Work to complete: Go through the entries below and print, exactly, the lines starting at the one with "114; 44; 89; 79;" and ending at the one with "79; 104; 34; 119; 54; 99].", keeping both ends and no others.

[Collected data entries]
########################################

Definition b10 : seq nat := [:: 0; 0; 0; 0; 1; 1; 1; 1; 2; 2].
Definition w10 : seq nat := [::
  64; 49; 39; 44; 24; 14; 9; 34; 39; 69; 9; 39; 49; 64; 49; 104; 79; 54; 99; 54; 124; 79; 19;
  109; 109; 64; 94; 39; 114; 64; 39; 59; 54; 39; 69; 69; 39; 14; 24; 64; 109; 79; 74; 4; 59; 84;
  54; 4; 54; 24; 59; 39; 84; 39; 109; 69; 114; 114; 99; 89; 59; 29; 69; 119; 39; 124; 9; 54; 44;
  19; 24; 44; 124; 4; 89; 24; 19; 79; 104; 14; 84; 69; 44; 89; 49; 9; 39; 84; 79; 44; 39; 49;
  84; 109; 114; 109; 19; 39; 79; 69; 99; 124; 64; 74; 74; 124; 74; 59; 64; 104; 14; 44; 114; 99;
  29; 34; 54; 89; 9; 19; 19; 109; 69; 59; 49; 74; 104; 59; 119; 104; 94; 14; 74; 89; 89; 104;
  104; 104; 74; 119; 4; 24; 34; 109; 64; 114; 114; 24; 124; 49; 49; 89; 34; 74; 54; 59; 39; 124;
  39; 124; 39; 99; 34; 34; 99; 124; 94; 14; 4; 124; 49; 79; 124; 44; 4; 104; 34; 89; 29; 89; 34;
  69; 14; 79; 99; 64; 59; 4; 64; 69; 104; 4; 59; 94; 44; 44; 19; 29; 24; 39; 59; 14; 4; 74; 9;
  89; 84; 94; 69; 114; 99; 124; 9; 4; 99; 14; 124; 44; 24; 119; 49; 84; 114; 49; 99; 59; 19; 14;
  24; 4; 104; 89; 39; 39; 94; 74; 99; 84; 79; 39; 64; 89; 19; 44; 4; 64; 49; 49; 94; 124; 104;
  44; 114; 114; 74; 9; 109; 84; 119; 64; 89; 69; 9; 19; 24; 119; 34; 44; 94; 29; 19; 39; 44; 89;
  39; 44; 49; 99; 39; 19; 124; 79; 119; 54; 44; 69; 99; 54; 104; 114; 54; 19; 24; 104; 124; 79;
  74; 89; 4; 49; 14; 54; 79; 109; 119; 84; 29; 34; 119; 19; 109; 79; 109; 39; 124; 94; 59; 89;
  79; 44; 39; 14; 39; 49; 4; 109; 14; 74; 99; 19; 9; 89; 29; 49; 119; 119; 4; 109; 44; 49; 59;
  104; 124; 24; 124; 39; 124; 44; 114; 69; 84; 74; 109; 9; 109; 84; 124; 24; 119; 54; 9; 44; 29;
  24; 24; 44; 104; 4; 109; 69; 124; 54; 29; 114; 69; 94; 104; 39; 49; 69; 99; 114; 54; 39; 29;
  99; 59; 84; 54; 9; 114; 74; 19; 64; 114; 14; 69; 114; 49; 69; 29; 69; 84; 19; 124; 34; 89; 39;
  64; 94; 84; 54; 69; 119; 29; 34; 84; 119; 109; 19; 64; 114; 109; 119; 29; 54; 19; 4; 64; 4;
  109; 14; 64; 124; 9; 59; 99; 39; 34; 69; 64; 9; 39; 39; 99; 124; 59; 104; 119; 34; 109; 14;
  124; 24; 19; 124; 109; 114; 104; 4; 99; 49; 34; 124; 99; 114; 119; 124; 119; 44; 39; 79; 59;
  114; 34; 29; 39; 124; 104; 124; 94; 4; 79; 124; 119; 24; 119; 109; 109; 64; 29; 14; 19; 104;
  109; 104; 14; 64; 14; 74; 49; 59; 84; 124; 34; 49; 59; 94; 19; 44; 104; 99; 99; 4; 69; 44; 54;
  24; 109; 24; 124; 34; 109; 119; 4; 59; 104; 29; 99; 34; 119; 84; 39; 19; 19; 59; 29; 84; 14;
  44; 69; 34; 99; 114; 84; 4; 34; 44; 9; 99; 29; 49; 44; 19; 4; 109; 34; 19; 49; 69; 114; 74;
  89; 59; 64; 14; 114; 44; 34; 14; 69; 44; 94; 44; 59; 99; 124; 109; 19; 24; 49; 84; 49; 19;
  124; 39; 59; 44; 59; 89; 29; 89; 99; 59; 84; 114; 34; 34; 19; 79; 109; 94; 64; 69; 14; 104;
  19; 79; 84; 39; 64; 19; 84; 54; 49; 84; 29; 54; 54; 79; 39; 34; 69; 49; 119; 24; 79; 24; 99;
  44; 114; 99; 114; 124; 114; 4; 39; 74; 79; 99; 64; 99; 54; 54; 114; 4; 124; 29; 34; 114; 14;
  9; 64; 24; 114; 9; 99; 124; 69; 84; 114; 54; 64; 74; 54; 29; 119; 9; 14; 104; 119; 29; 59; 54;
  69; 19; 79; 29; 64; 24; 14; 34; 49; 119; 39; 99; 74; 124; 94; 104; 89; 24; 89; 104; 104; 109;
  44; 14; 49; 19; 104; 84; 29; 114; 9; 109; 29; 14; 119; 114; 89; 29; 49; 24; 124; 54; 59; 54;
  29; 49; 59; 104; 64; 74; 54; 74; 54; 49; 74; 64; 89; 104; 64; 9; 24; 19; 44; 69; 89; 49; 69;
  39; 54; 119; 9; 119; 114; 24; 114; 14; 64; 74; 54; 49; 109; 34; 109; 54; 64; 64; 39; 109; 64;
  49; 69; 124; 79; 104; 114; 104; 24; 119; 54; 89; 109; 44; 89; 94; 4; 64; 79; 29; 69; 69; 59;
  39; 49; 124; 49; 99; 64; 79; 49; 99; 74; 39; 84; 49; 94; 54; 89; 104; 14; 44; 4; 64; 69; 104;
  64; 19; 49; 109; 89; 4; 104; 64; 109; 94; 9; 24; 64; 84; 119; 94; 54; 94; 24; 64; 19; 9; 109;
  124; 99; 34; 49; 89; 114; 54; 59; 9; 29; 49; 74; 89; 29; 9; 104; 69; 24; 124; 19; 89; 29; 74;
  24; 14; 114; 59; 104; 124; 69; 114; 19; 79; 79; 79; 119; 4; 84; 44; 9; 64; 64; 59; 119; 39;
  89; 84; 119; 94; 9; 109; 84; 19; 114; 29; 99; 99; 89; 59; 79; 74; 9; 54; 29; 59; 39; 99; 34;
  49; 84; 49; 79; 9; 104; 89; 14; 84; 19; 69; 119; 44; 49; 4; 124; 94; 49; 64; 99; 79; 9; 4; 39;
  124; 9; 84; 4; 109; 39; 94; 39; 49; 34; 4; 79; 74; 29; 89; 64; 44; 14; 24; 94; 119; 99; 19;
  29; 89; 54; 44; 39; 64; 94; 44; 109; 54; 74; 24; 24; 14; 104; 34; 84; 9; 109; 44; 64; 114; 69;
  69; 14; 94; 14; 29; 59; 109; 74; 14; 104; 64; 34; 94; 84; 19; 84; 59; 114; 114; 79; 14; 124;
  84; 14; 14; 39; 94; 14; 14; 94; 14; 79; 74; 124; 44; 49; 54; 49; 94; 54; 54; 9; 39; 74; 19;
  89; 69; 89; 44; 69; 74; 4; 34; 19; 119; 9; 94; 74; 39; 124; 54; 99; 94; 94; 94; 109; 69; 109;
  59; 89; 29; 99; 34; 89; 84; 99; 94; 89; 84; 49; 44; 89; 109; 29; 29; 49; 119; 19; 4; 109; 114;
  14; 104; 19; 104; 54; 24; 119; 74; 114; 29; 29; 104; 29; 94; 39; 89; 9; 74; 59; 104; 79; 14;
  109; 44; 29; 64; 84; 94; 34; 4; 69; 19; 9; 4; 114; 109; 114; 59; 44; 9; 79; 104; 109; 9; 9;
  54; 104; 64; 29; 4; 54; 114; 54; 94; 99; 34; 44; 84; 54; 54; 59; 94; 124; 79; 94; 119; 29; 59;
  29; 64; 69; 104; 9; 84; 4; 9; 114; 29; 84; 119; 14; 99; 84; 29; 104; 19; 14; 34; 94; 69; 89;
  94; 99; 19; 114; 29; 94; 29; 14; 94; 59; 79; 19; 109; 84; 74; 34; 59; 109; 74; 4; 99; 84; 44;
  34; 54; 119; 64; 84; 109; 14; 59; 54; 99; 89; 79; 54; 59; 14; 74; 4; 44; 114; 84; 109; 39;
  114; 89; 29; 104; 79; 89; 69; 94; 19; 59; 14; 9; 94; 39; 39; 19; 59; 119; 94; 109; 4; 69; 109;
  54; 79; 54; 114; 69; 24; 24; 59; 39; 4; 49; 29; 39; 84; 14; 49; 39; 54; 79; 64; 19; 119; 4;
  69; 109; 19; 74; 79; 89; 29; 54; 29; 19; 104; 124; 64; 4; 69; 69; 69; 19; 89; 64; 74; 119; 14;
  89; 74; 49; 39; 104; 79; 94; 39; 49; 109; 99; 49; 34; 109; 79; 114; 84; 4; 94; 84; 99; 59; 44;
  64; 29; 84; 29; 119; 89; 9; 124; 14; 79; 34; 94; 89; 109; 99; 44; 24; 49; 44; 24; 49; 89; 104;
  94; 64; 64; 49; 89; 49; 9; 124; 14; 14; 69; 89; 64; 24; 29; 59; 59; 54; 94; 114; 99; 124; 19;
  114; 64; 44; 79; 109; 84; 4; 14; 49; 114; 19; 49; 84; 59; 64; 79; 24; 74; 64; 4; 39; 24; 34;
  84; 39; 114; 14; 64; 44; 19; 79; 39; 4; 99; 49; 74; 14; 89; 24; 124; 29; 9; 34; 29; 74; 29;
  44; 109; 104; 49; 109; 54; 119; 44; 99; 84; 114; 109; 69; 14; 69; 19; 109; 69; 54; 4; 49; 74;
  79; 49; 29; 9; 64; 124; 79; 9; 79; 54; 64; 74; 49; 69; 64; 39; 59; 124; 84; 39; 69; 9; 24;
  119; 64; 39; 19; 109; 99; 29; 74; 74; 24; 14; 124; 69; 59; 54; 99; 69; 104; 19; 74; 64; 34;
  64; 9; 29; 4; 104; 24; 19; 49; 69; 9; 109; 34; 44; 64; 124; 69; 24; 39; 84; 34; 99; 74; 99;
  44; 24; 9; 39; 99; 49; 124; 84; 54; 9; 14; 49; 4; 94; 84; 69; 104; 79; 99; 4; 104; 59; 104;
  34; 64; 4; 9; 59; 29; 9; 94; 14; 54; 34; 59; 79; 84; 104; 84; 114; 104; 99; 109; 79; 9; 9; 54;
  104; 89; 64; 34; 34; 84; 39; 124; 49; 64; 64; 104; 14; 59; 124; 89; 104; 119; 59; 44; 104; 24;
  19; 89; 64; 39; 104; 84; 89; 89; 29; 14; 64; 79; 124; 124; 59; 124; 14; 89; 49; 94; 9; 29; 9;
  14; 109; 44; 24; 114; 124; 79; 124; 84; 124; 49; 74; 54; 19; 104; 49; 99; 119; 49; 114; 19;
  114; 49; 74; 49; 79; 14; 9; 14; 29; 114; 114; 19; 84; 14; 104; 64; 74; 49; 74; 74; 99; 79; 74;
  119; 69; 114; 59; 9; 44; 49; 14; 94; 34; 89; 89; 64; 34; 124; 39; 19; 54; 124; 54; 59; 9; 19;
  9; 24; 14; 69; 119; 54; 119; 119; 104; 9; 4; 64; 94; 74; 4; 84; 49; 84; 54; 19; 119; 34; 44;
  109; 29; 29; 94; 39; 99; 4; 39; 74; 54; 29; 44; 64; 19; 9; 114; 124; 14; 124; 119; 104; 14;
  69; 29; 84; 94; 124; 29; 44; 69; 124; 84; 39; 24; 9; 9; 124; 119; 49; 109; 89; 114; 104; 124;
  4; 84; 19; 54; 29; 19; 69; 64; 99; 19; 69; 64; 34; 124; 4; 79; 34; 29; 89; 39; 39; 64; 74; 29;
  54; 59; 119; 124; 119; 69; 54; 14; 114; 104; 59; 104; 24; 49; 109; 69; 29; 124; 74; 14; 94;
  124; 109; 39; 4; 114; 49; 34; 19; 74; 4; 39; 69; 4; 9; 109; 124; 119; 54; 54; 4; 104; 34; 34;
  104; 54; 119; 34; 54; 119; 44; 19; 74; 119; 79; 119; 44; 89; 109; 114; 104; 24; 119; 14; 64;
  69; 89; 84; 59; 109; 69; 79; 59; 39; 124; 109; 39; 34; 104; 9; 64; 14; 94; 119; 99; 14; 24;
  14; 99; 59; 124; 34; 9; 19; 104; 64; 54; 114; 89; 4; 104; 69; 29; 84; 49; 94; 84; 29; 124; 14;
  4; 89; 59; 49; 94; 69; 99; 79; 84; 94; 124; 84; 24; 99; 24; 64; 44; 59; 44; 79; 79; 79; 24;
  24; 124; 74; 114; 9; 59; 34; 14; 104; 19; 114; 124; 24; 74; 34; 39; 29; 24; 99; 39; 89; 14; 4;
  79; 54; 24; 79; 64; 119; 19; 24; 114; 79; 54; 34; 119; 29; 79; 109; 99; 114; 84; 94; 89; 94;
  54; 74; 114; 54; 124; 64; 124; 59; 24; 54; 24; 79; 69; 79; 104; 89; 94; 34; 99; 84; 79; 39;
  84; 89; 49; 114; 109; 84; 64; 54; 84; 19; 49; 99; 34; 79; 29; 84; 34; 24; 14; 44; 14; 114;
  124; 4; 44; 89; 44; 79; 29; 74; 9; 54; 19; 19; 84; 69; 124; 119; 14; 109; 4; 59; 54; 64; 39;
  74; 74; 49; 64; 94; 59; 69; 109; 99; 114; 104; 109; 99; 49; 119; 99; 124; 94; 19; 79; 34; 29;
  24; 89; 124; 39; 69; 59; 39; 119; 49; 19; 49; 79; 9; 9; 79; 64; 119; 74; 104; 39; 44; 49; 104;
  29; 99; 59; 89; 4; 34; 49; 64; 29; 124; 19; 89; 54; 34; 19; 104; 4; 24; 54; 109; 79; 59; 59;
  34; 79; 34; 89; 44; 59; 104; 74; 9; 69; 4; 54; 104; 64; 14; 29; 114; 34; 59; 124; 89; 84; 4;
  54; 79; 24; 109; 49; 124; 119; 54; 79; 109; 64; 69; 109; 94; 34; 54; 14; 9; 39; 39; 34; 74;
  64; 54; 4; 44; 99; 49; 9; 74; 24; 64; 124; 19; 14; 34; 79; 74; 114; 104; 124; 99; 4; 124; 99;
  54; 109; 44; 79; 94; 124; 89; 39; 99; 49; 69; 44; 99; 99; 44; 84; 104; 109; 119; 69; 74; 59;
  19; 59; 79; 24; 59; 89; 124; 124; 64; 49; 44; 84; 69; 54; 84; 44; 14; 54; 79; 4; 109; 89; 74;
  99; 89; 4; 24; 64; 54; 84; 74; 84; 19; 109; 69; 44; 39; 94; 9; 89; 109; 109; 64; 104; 74; 64;
  54; 14; 99; 4; 124; 79; 49; 14; 124; 99; 14; 44; 4; 109; 119; 94; 114; 24; 79; 24; 39; 34;
  109; 59; 59; 34; 24; 104; 29; 69; 64; 59; 64; 124; 104; 119; 14; 29; 114; 59; 44; 34; 119; 29;
  114; 109; 94; 14; 59; 59; 84; 14; 79; 19; 14; 49; 119; 99; 99; 4; 94; 29; 94; 44; 34; 74; 109;
  4; 9; 39; 84; 109; 99; 94; 94; 9; 124; 59; 54; 29; 19; 44; 39; 94; 119; 4; 29; 34; 9; 59; 14;
  114; 44; 4; 34; 49; 119; 124; 49; 124; 49; 104; 119; 74; 9; 79; 34; 109; 69; 49; 74; 29; 14;
  114; 9; 124; 14; 54; 109; 14; 34; 74; 84; 4; 99; 9; 104; 39; 114; 34; 34; 4; 84; 84; 59; 104;
  109; 9; 79; 4; 34; 54; 19; 124; 99; 39; 124; 114; 39; 34; 49; 84; 74; 39; 119; 114; 54; 99;
  79; 89; 94; 89; 24; 4; 74; 69; 14; 54; 119; 14; 14; 29; 119; 74; 74; 34; 64; 124; 79; 84; 119;
  99; 9; 84; 59; 114; 59; 4; 9; 119; 64; 54; 24; 44; 74; 69; 109; 9; 89; 44; 94; 99; 74; 99; 84;
  124; 89; 89; 104; 64; 119; 89; 74; 39; 24; 64; 14; 109; 54; 64; 44; 94; 69; 104; 54; 124; 94;
  64; 59; 119; 44; 124; 124; 84; 119; 9; 9; 119; 79; 84; 24; 69; 84; 9; 44; 124; 29; 19; 119;
  79; 44; 54; 39; 49; 84; 9; 49; 104; 59; 124; 99; 44; 59; 59; 29; 34; 89; 19; 119; 29; 89; 84;
  69; 104; 9; 104; 119; 29; 14; 64; 14; 74; 39; 79; 29; 109; 94; 114; 69; 69; 29; 59; 104; 124;
  54; 4; 39; 114; 119; 49; 39; 44; 84; 114; 69; 94; 109; 24; 44; 94; 34; 4; 74; 29; 24; 124; 54;
  19; 64; 59; 24; 39; 114; 94; 19; 84; 49; 84; 14; 119; 39; 4; 79; 24; 39; 79; 44; 59; 14; 104;
  109; 19; 9; 79; 44; 114; 44; 89; 34; 14; 34; 124; 49; 34; 64; 94; 29; 4; 94; 69; 89; 84; 99;
  59; 94; 49; 14; 119; 4; 104; 4; 89; 99; 54; 89; 19; 34; 99; 54; 79; 9; 54; 89; 99; 39; 114;
  84; 59; 99; 44; 94; 104; 124; 49; 109; 49; 94; 9; 39; 9; 94; 44; 14; 4; 64; 14; 49; 9; 119;
  14; 54; 89; 29; 4; 49; 49; 79; 19; 29; 44; 64; 59; 79; 74; 9; 59; 84; 99; 9; 99; 64; 39; 124;
  114; 124; 94; 59; 109; 29; 19; 89; 19; 109; 24; 99; 104; 124; 109; 124; 109; 84; 14; 84; 74;
  49; 124; 29; 94; 49; 99; 4; 34; 94; 94; 119; 49; 109; 44; 29; 79; 29; 64; 44; 84; 9; 34; 99;
  109; 4; 4; 64; 59; 64; 109; 74; 29; 19; 84; 84; 84; 9; 19; 14; 79; 79; 4; 24; 109; 89; 49; 14;
  64; 94; 104; 114; 59; 119; 124; 79; 69; 99; 19; 104; 84; 19; 114; 14; 9; 19; 59; 94; 49; 94;
  114; 69; 99; 69; 29; 39; 14; 4; 24; 64; 79; 119; 119; 19; 34; 89; 24; 24; 14; 4; 74; 14; 34;
  89; 29; 9; 94; 109; 119; 84; 34; 109; 84; 64; 84; 99; 44; 19; 79; 109; 79; 34; 44; 24; 4; 59;
  24; 119; 24; 119; 99; 79; 114; 54; 79; 114; 49; 84; 89; 14; 79; 104; 124; 79; 34; 64; 19; 119;
  74; 49; 14; 119; 119; 49; 34; 59; 74; 124; 9; 59; 19; 79; 19; 104; 124; 94; 44; 64; 44; 114;
  109; 4; 119; 69; 74; 39; 34; 14; 34; 29; 14; 19; 24; 104; 9; 39; 29; 49; 119; 4; 44; 19; 24;
  119; 34; 19; 89; 104; 104; 19; 44; 109; 19; 94; 119; 89; 104; 9; 14; 94; 24; 99; 64; 54; 54;
  99; 84; 84; 59; 49; 109; 104; 49; 29; 44; 44; 109; 114; 114; 109; 59; 19; 29; 119; 59; 109;
  34; 74; 14; 39; 109; 79; 4; 4; 79; 89; 54; 19; 124; 94; 89; 84; 104; 49; 114; 124; 64; 119;
  59; 19; 84; 109; 84; 9; 124; 39; 69; 29; 44; 34; 104; 64; 34; 44; 34; 84; 69; 34; 14; 9; 64;
  54; 24; 29; 79; 59; 59; 99; 9; 104; 84; 124; 79; 29; 39; 89; 104; 59; 4; 54; 54; 114; 84; 54;
  14; 94; 79; 14; 14; 24; 109; 34; 9; 114; 49; 119; 59; 14; 109; 4; 39; 34; 49; 9; 39; 39; 119;
  79; 104; 114; 19; 49; 59; 49; 64; 4; 74; 54; 24; 44; 59; 99; 124; 34; 89; 104; 84; 119; 64;
  64; 44; 99; 89; 79; 119; 69; 9; 114; 54; 54; 49; 29; 94; 9; 34; 74; 69; 34; 49; 89; 49; 74;
  34; 44; 24; 59; 84; 114; 49; 79; 99; 99; 14; 44; 114; 94; 99; 54; 39; 59; 104; 124; 109; 69;
  54; 59; 119; 109; 24; 94; 14; 94; 69; 89; 104; 9; 34; 79; 44; 114; 124; 89; 4; 19; 124; 64;
  14; 49; 24; 54; 69; 44; 64; 4; 19; 114; 114; 74; 19; 79; 24; 49; 39; 124; 94; 44; 54; 89; 24;
  104; 39; 19; 24; 74; 9; 9; 44; 94; 54; 69; 19; 14; 54; 39; 29; 24; 24; 14; 29; 94; 29; 4; 59;
  69; 9; 64; 29; 49; 89; 89; 34; 4; 54; 79; 29; 99; 14; 59; 104; 59; 104; 89; 29; 39; 9; 44;
  114; 44; 89; 79; 74; 54; 54; 49; 69; 74; 14; 99; 29; 29; 4; 104; 84; 59; 19; 9; 69; 69; 44;
  39; 19; 124; 4; 124; 124; 49; 54; 54; 114; 39; 99; 94; 79; 69; 44; 4; 34; 54; 119; 94; 44; 19;
  79; 104; 34; 119; 54; 99].
Definition table10 : PositiveMap.t nat := weight_table b10 w10.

########################################

Response:
  114; 44; 89; 79; 74; 54; 54; 49; 69; 74; 14; 99; 29; 29; 4; 104; 84; 59; 19; 9; 69; 69; 44;
  39; 19; 124; 4; 124; 124; 49; 54; 54; 114; 39; 99; 94; 79; 69; 44; 4; 34; 54; 119; 94; 44; 19;
  79; 104; 34; 119; 54; 99].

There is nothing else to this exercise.